| Task statement |
Copy the first line of the material below and every later line through the line containing "have hj' : h", without any other output.

| Source data |

(* Back-paths of [v] meet only in [v], so a choice of a vertex [h q] of each
   back-path [q] (never [v] itself) is injective on any admissible family. *)
Lemma backconn_le_hitting (V : finType) (e : rel V) r v (S : {set V})
    (h : seq V -> V) t :
  (forall q, back_path e r v q -> h q \in q /\ h q \in S) -> #|S| <= t ->
  backconn_le e r v t.
Proof.
move=> hit cardS ps ps_back disj.
have h_neq i j : i < j < size ps -> h (nth [::] ps i) != h (nth [::] ps j).
  move=> /andP[lij ljs]; have lis : i < size ps by apply: ltn_trans ljs.
  have [hi _] := hit _ (ps_back _ (mem_nth [::] lis)).
  have [hj _] := hit _ (ps_back _ (mem_nth [::] ljs)).
  apply/eqP => E.
  have hi' : h (nth [::] ps i) \in v :: nth [::] ps i by rewrite inE hi orbT.
  have hj' : h (nth [::] ps i) \in v :: nth [::] ps j by rewrite inE E hj orbT.
  have Ev := disj i j _ (introT andP (conj lij ljs)) hi' hj'.
  have [_ _ u _ _] := ps_back _ (mem_nth [::] lis).
  by move: u; rewrite /= -Ev hi.
have uh : uniq (map h ps).
  apply/(uniqP v) => i j; rewrite !inE size_map => Hi Hj.
  rewrite (nth_map [::]) // (nth_map [::]) // => E.
  case: (ltngtP i j) => // lt.
    by move: (h_neq i j); rewrite lt Hj /= E eqxx => /(_ isT).
  by move: (h_neq j i); rewrite lt Hi /= E eqxx => /(_ isT).
rewrite -(size_map h) -(card_uniqP uh); apply: leq_trans cardS.
apply: subset_leq_card; apply/subsetP => x /mapP [q qin ->].
by have [] := hit _ (ps_back _ qin).
Qed.

Lemma backconn_le_transfer (V W : finType) (e : rel V) (e' : rel W)
    (r : V -> nat) (r' : W -> nat) (v : V) (g : V -> W) (P : pred V)
    (tr : seq V -> seq W) t :
  {in P &, injective g} ->
  (forall q, back_path e r v q -> back_path e' r' (g v) (tr q)) ->
  (forall q x, back_path e r v q -> x \in g v :: tr q ->
      exists2 w, w \in v :: q & P w /\ x = g w) ->
  backconn_le e' r' (g v) t -> backconn_le e r v t.
Proof.
move=> ginj tr_back tr_mem bc ps ps_back disj.
rewrite -(size_map tr); apply: bc.
- by move=> q' /mapP [q qin ->]; exact: tr_back (ps_back _ qin).
- move=> i j x /andP[lij ljs]; rewrite size_map in ljs.
  have lis : i < size ps by apply: ltn_trans ljs.
  rewrite (nth_map [::]) // (nth_map [::]) // => xi xj.
  have [wi wiin [Pwi Ewi]] := tr_mem _ _ (ps_back _ (mem_nth [::] lis)) xi.
  have [wj wjin [Pwj Ewj]] := tr_mem _ _ (ps_back _ (mem_nth [::] ljs)) xj.
  rewrite Ewi in Ewj; have E := ginj _ _ Pwi Pwj Ewj; subst wj.
  by rewrite Ewi (disj i j wi (introT andP (conj lij ljs)) wiin wjin).
Qed.

Lemma back_path_map (V W : finType) (e' : rel W) (r' : W -> nat)
    (g : V -> W) (P : pred V) v q :
  {in P &, injective g} -> all P (v :: q) -> q != [::] -> uniq (v :: q) ->
  path e' (g v) (map g q) -> r' (g (last v q)) < r' (g v) ->
  {in belast v q, forall x, r' (g v) <= r' (g x)} ->
  back_path e' r' (g v) (map g q).
Proof.
move=> ginj Pvq qn uq pth lt bl; split => //.
- by rewrite -size_eq0 size_map size_eq0.
- rewrite -map_cons map_inj_in_uniq // => x y /(allP Pvq) Px /(allP Pvq) Py.
  exact: ginj.
- by rewrite last_map.
- by rewrite belast_map; apply/allP => _ /mapP [x xin ->]; exact: bl.
Qed.

Definition class_rank (V : finType) (c : V -> nat) (x : V) : nat :=
  c x * #|V| + enum_rank x.

Lemma class_rank_inj (V : finType) (c : V -> nat) : injective (class_rank c).
Proof.
have rmod x : class_rank c x %% #|V| = enum_rank x.
  by rewrite modnMDl modn_small.
by move=> x y E; apply/enum_rank_inj/val_inj; rewrite /= -rmod E rmod.
Qed.

Lemma class_rank_lt (V : finType) (c : V -> nat) x y :
  c x < c y -> class_rank c x < class_rank c y.
Proof.
move=> lt; rewrite /class_rank -addSn; apply: leq_trans (leq_addr _ _).
apply: leq_trans (leq_mul lt (leqnn _)); rewrite mulSn addnC addnS ltn_add2r.
exact: ltn_ord.
Qed.

Lemma class_rank_leq (V : finType) (c : V -> nat) x y :
  class_rank c x < class_rank c y -> c x <= c y.
Proof.
by move=> lt; rewrite leqNgt; apply/negP => /class_rank_lt; rewrite ltnNge (ltnW lt).
Qed.

Definition clique_first_adm_le (t : nat) (V : finType) (e : rel V) : Prop :=
  forall K : {set V}, is_clique e (fun x => x \in K) ->
  exists r : V -> nat, [/\ injective r,
     (forall x y, x \in K -> y \notin K -> r x < r y) &
     forall v, backconn_le e r v t].

Lemma card_clique_le D a (V : finType) (e : rel V) (K : {set V}) :
  few_high_degree D a e -> is_clique e (fun x => x \in K) -> #|K| <= a + D.+1.
Proof.
move=> high cK; have [small|big] := leqP #|K| D.+1.
  exact: leq_trans small (leq_addl _ _).
apply: leq_trans (leq_addr _ _); apply: leq_trans high.
apply: subset_leq_card; apply/subsetP => x xK; rewrite inE /degree.
move: big; rewrite (cardsD1 x K) xK add1n ltnS => /leq_trans; apply.
apply: subset_leq_card; apply/subsetP => y; rewrite !inE => /andP[nyx yK].
by apply: cK => //; rewrite eq_sym.
Qed.

Lemma few_high_degree_clique_first D a (V : finType) (e : rel V) :
  few_high_degree D a e -> clique_first_adm_le (a + a + D.+1) e.
Proof.
move=> high K cK; have := high; rewrite /few_high_degree.
set H := [set x | D < degree e x] => cardH.
pose c x := if x \in K then 0 else if x \in H then 1 else 2.
exists (class_rank c); split.
- exact: class_rank_inj.
- by move=> x y xK yK; apply: class_rank_lt; rewrite /c xK (negbTE yK); case: ifP.
- move=> v; have [cv|cv] := leqP (c v) 1.
  + apply: (backconn_le_hitting
      (S := [set x | class_rank c x < class_rank c v]) (h := last v)).
      move=> q bq; split; first exact: back_path_last bq.
      by rewrite inE; case: bq => _ _ _ lt _.
    apply: (@leq_trans #|K :|: H|).
      apply: subset_leq_card; apply/subsetP => x; rewrite !inE => /class_rank_leq.
      move=> /leq_trans /(_ cv); rewrite /c inE.
      by case: (x \in K) => //=; case: ltnP.
    by rewrite cardsU; have := card_clique_le high cK; lia.
  + apply: (backconn_le_hitting (S := [set y | e v y]) (h := head v)).
      case=> [|x q] [qn pth _ _ _] //; move: pth => /= /andP[evx _].
      by rewrite !inE eqxx evx.
    move: cv; rewrite /c inE; case: (v \in K) => //=.
    case: (ltnP D (degree e v)) => // vH _.
    by apply: leq_trans vH _; lia.
Qed.

Lemma exists_eq_codom (A : finType) (B : eqType) (f : A -> B) (x : B) :
  [exists a, f a == x] = (x \in codom f).
Proof. by apply/existsP/codomP => [[a /eqP <-]|[a ->]]; exists a. Qed.

Definition preim_pick (A : finType) (B : eqType) (f : A -> B) (a0 : A) (x : B) : A :=
  odflt a0 [pick a | f a == x].

Lemma preim_pickK (A : finType) (B : eqType) (f : A -> B) (a0 : A) :
  injective f -> cancel f (preim_pick f a0).
Proof.
move=> f_inj a; rewrite /preim_pick.
by case: pickP => [a' /eqP /f_inj // | /(_ a)]; rewrite eqxx.
Qed.

Lemma preim_pickE (A : finType) (B : eqType) (f : A -> B) (a0 : A) (x : B) :
  injective f -> x \in codom f -> f (preim_pick f a0 x) = x.
Proof. by move=> f_inj /codomP [a ->]; rewrite preim_pickK. Qed.

Section GluedOrdering.

Variables (t : nat) (V1 V2 V : finType) (e1 : rel V1) (e2 : rel V2) (e : rel V).
Variables (f1 : V1 -> V) (f2 : V2 -> V).
Hypotheses (e_irr : irreflexive e) (f1_inj : injective f1) (f2_inj : injective f2).
Hypothesis codom_cover : forall x, (x \in codom f1) || (x \in codom f2).
Hypothesis separator_clique1 : is_clique e1 (fun y => f1 y \in codom f2).
Hypothesis edge_lift : forall x x', e x x' ->
  (exists y y', [/\ f1 y = x, f1 y' = x' & e1 y y']) \/
  (exists z z', [/\ f2 z = x, f2 z' = x' & e2 z z']).

Variables (r1 : V1 -> nat) (r2 : V2 -> nat).
Hypotheses (r1_inj : injective r1) (r2_inj : injective r2).
Hypothesis r2_separator_first : forall z z',
  f2 z \in codom f1 -> f2 z' \notin codom f1 -> r2 z < r2 z'.
Hypotheses (bc1 : forall y, backconn_le e1 r1 y t)
           (bc2 : forall z, backconn_le e2 r2 z t).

| Written response |
(* Back-paths of [v] meet only in [v], so a choice of a vertex [h q] of each
   back-path [q] (never [v] itself) is injective on any admissible family. *)
Lemma backconn_le_hitting (V : finType) (e : rel V) r v (S : {set V})
    (h : seq V -> V) t :
  (forall q, back_path e r v q -> h q \in q /\ h q \in S) -> #|S| <= t ->
  backconn_le e r v t.
Proof.
move=> hit cardS ps ps_back disj.
have h_neq i j : i < j < size ps -> h (nth [::] ps i) != h (nth [::] ps j).
  move=> /andP[lij ljs]; have lis : i < size ps by apply: ltn_trans ljs.
  have [hi _] := hit _ (ps_back _ (mem_nth [::] lis)).
  have [hj _] := hit _ (ps_back _ (mem_nth [::] ljs)).
  apply/eqP => E.
  have hi' : h (nth [::] ps i) \in v :: nth [::] ps i by rewrite inE hi orbT.
  have hj' : h (nth [::] ps i) \in v :: nth [::] ps j by rewrite inE E hj orbT.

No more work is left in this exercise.